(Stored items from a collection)
■ ■ ■ ■
Lemma chain_app u w v a b f g :
  chain u w a f -> chain w v b g ->
  chain u v (a + b) (fun t => if t <=? a then f t else g (t - a)).
Proof.
  intros [F0 [Fa Fadj]] [G0 [Gb Gadj]]. split; [|split].
  - exact F0.
  - destruct (Nat.leb_spec (a + b) a).
    + replace b with 0 in * by lia. rewrite Nat.add_0_r. congruence.
    + now replace (a + b - a) with b by lia.
  - intros i Hi. destruct (Nat.leb_spec i a), (Nat.leb_spec (S i) a).
    + apply Fadj; lia.
    + replace i with a by lia. replace (S a - a) with 1 by lia.
      rewrite Fa, <- G0. apply Gadj. lia.
    + lia.
    + replace (S i - a) with (S (i - a)) by lia. apply Gadj; lia.
Qed.

Lemma chain_sub u v L f i j :
  chain u v L f -> i <= j <= L -> chain (f i) (f j) (j - i) (fun t => f (i + t)).
Proof.
  intros [_ [_ Fadj]] Hij. split; [|split].
  - f_equal; lia.
  - f_equal; lia.
  - intros t Ht. replace (i + S t) with (S (i + t)) by lia. apply Fadj. lia.
Qed.

Lemma dist_chain u v k : dist adj u v k -> exists f, chain u v k f.
Proof.
  intros [[l [Hl Hlen]] _]. destruct (walk_ft_chain u v l Hl) as [L [HL Hc]].
  exists (fun i => nth i l u). now replace k with L by lia.
Qed.

Lemma dist_le_chain u v k L f : dist adj u v k -> chain u v L f -> k <= L.
Proof.
  intros [_ Hmin] Hc. specialize (Hmin _ (chain_walk_ft u v L f Hc)).
  rewrite length_map, length_seq in Hmin. lia.
Qed.

Lemma dist_intro u v k f :
  chain u v k f -> (forall L g, chain u v L g -> k <= L) -> dist adj u v k.
Proof.
  intros Hc Hmin. split.
  - exists (map f (seq 0 (S k))). split; [now apply chain_walk_ft|].
    now rewrite length_map, length_seq.
  - intros l Hl. destruct (walk_ft_chain u v l Hl) as [L [HL Hg]].
    specialize (Hmin _ _ Hg). lia.
Qed.

Lemma chain_dist u v L f : chain u v L f -> exists k, dist adj u v k /\ k <= L.
Proof.
  intro Hc.
  destruct (least_nat (fun m => exists g, chain u v m g) (ex_intro _ L (ex_intro _ f Hc)))
    as [k [[g Hg] Hmin]].
  exists k. split.
  - apply (dist_intro u v k g Hg). intros L' g' Hg'. apply Hmin. eauto.
  - apply Hmin. eauto.
Qed.

Lemma dist_unique u v k k' : dist adj u v k -> dist adj u v k' -> k = k'.
Proof.
  intros H H'. destruct (dist_chain u v k H) as [f Hf].
  destruct (dist_chain u v k' H') as [g Hg].
  pose proof (dist_le_chain u v k k' g H Hg).
  pose proof (dist_le_chain u v k' k f H' Hf). lia.
Qed.

Lemma dist_refl u : dist adj u u 0.
Proof. apply (dist_intro u u 0 _ (chain_refl u)). lia. Qed.

Lemma dist_triangle u w v a b c :
  dist adj u w a -> dist adj w v b -> dist adj u v c -> c <= a + b.
Proof.
  intros Ha Hb Hc. destruct (dist_chain u w a Ha) as [f Hf].
  destruct (dist_chain w v b Hb) as [g Hg].
  exact (dist_le_chain u v c _ _ Hc (chain_app u w v a b f g Hf Hg)).
Qed.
■ ■ ■ ■
Repeat the entries above verbatim.

◆ Output for this task ◆
Lemma chain_app u w v a b f g :
  chain u w a f -> chain w v b g ->
  chain u v (a + b) (fun t => if t <=? a then f t else g (t - a)).
Proof.
  intros [F0 [Fa Fadj]] [G0 [Gb Gadj]]. split; [|split].
  - exact F0.
  - destruct (Nat.leb_spec (a + b) a).
    + replace b with 0 in * by lia. rewrite Nat.add_0_r. congruence.
    + now replace (a + b - a) with b by lia.
  - intros i Hi. destruct (Nat.leb_spec i a), (Nat.leb_spec (S i) a).
    + apply Fadj; lia.
    + replace i with a by lia. replace (S a - a) with 1 by lia.
      rewrite Fa, <- G0. apply Gadj. lia.
    + lia.
    + replace (S i - a) with (S (i - a)) by lia. apply Gadj; lia.
Qed.

Lemma chain_sub u v L f i j :
  chain u v L f -> i <= j <= L -> chain (f i) (f j) (j - i) (fun t => f (i + t)).
Proof.
  intros [_ [_ Fadj]] Hij. split; [|split].
  - f_equal; lia.
  - f_equal; lia.
  - intros t Ht. replace (i + S t) with (S (i + t)) by lia. apply Fadj. lia.
Qed.

Lemma dist_chain u v k : dist adj u v k -> exists f, chain u v k f.
Proof.
  intros [[l [Hl Hlen]] _]. destruct (walk_ft_chain u v l Hl) as [L [HL Hc]].
  exists (fun i => nth i l u). now replace k with L by lia.
Qed.

Lemma dist_le_chain u v k L f : dist adj u v k -> chain u v L f -> k <= L.
Proof.
  intros [_ Hmin] Hc. specialize (Hmin _ (chain_walk_ft u v L f Hc)).
  rewrite length_map, length_seq in Hmin. lia.
Qed.

Lemma dist_intro u v k f :
  chain u v k f -> (forall L g, chain u v L g -> k <= L) -> dist adj u v k.
Proof.
  intros Hc Hmin. split.
  - exists (map f (seq 0 (S k))). split; [now apply chain_walk_ft|].
    now rewrite length_map, length_seq.
  - intros l Hl. destruct (walk_ft_chain u v l Hl) as [L [HL Hg]].
    specialize (Hmin _ _ Hg). lia.
Qed.

Lemma chain_dist u v L f : chain u v L f -> exists k, dist adj u v k /\ k <= L.
Proof.
  intro Hc.
  destruct (least_nat (fun m => exists g, chain u v m g) (ex_intro _ L (ex_intro _ f Hc)))
    as [k [[g Hg] Hmin]].
  exists k. split.
  - apply (dist_intro u v k g Hg). intros L' g' Hg'. apply Hmin. eauto.
  - apply Hmin. eauto.
Qed.

Lemma dist_unique u v k k' : dist adj u v k -> dist adj u v k' -> k = k'.
Proof.
  intros H H'. destruct (dist_chain u v k H) as [f Hf].
  destruct (dist_chain u v k' H') as [g Hg].
  pose proof (dist_le_chain u v k k' g H Hg).
  pose proof (dist_le_chain u v k' k f H' Hf). lia.
Qed.

Lemma dist_refl u : dist adj u u 0.
Proof. apply (dist_intro u u 0 _ (chain_refl u)). lia. Qed.

Lemma dist_triangle u w v a b c :
  dist adj u w a -> dist adj w v b -> dist adj u v c -> c <= a + b.
Proof.
  intros Ha Hb Hc. destruct (dist_chain u w a Ha) as [f Hf].
  destruct (dist_chain w v b Hb) as [g Hg].
  exact (dist_le_chain u v c _ _ Hc (chain_app u w v a b f g Hf Hg)).
Qed.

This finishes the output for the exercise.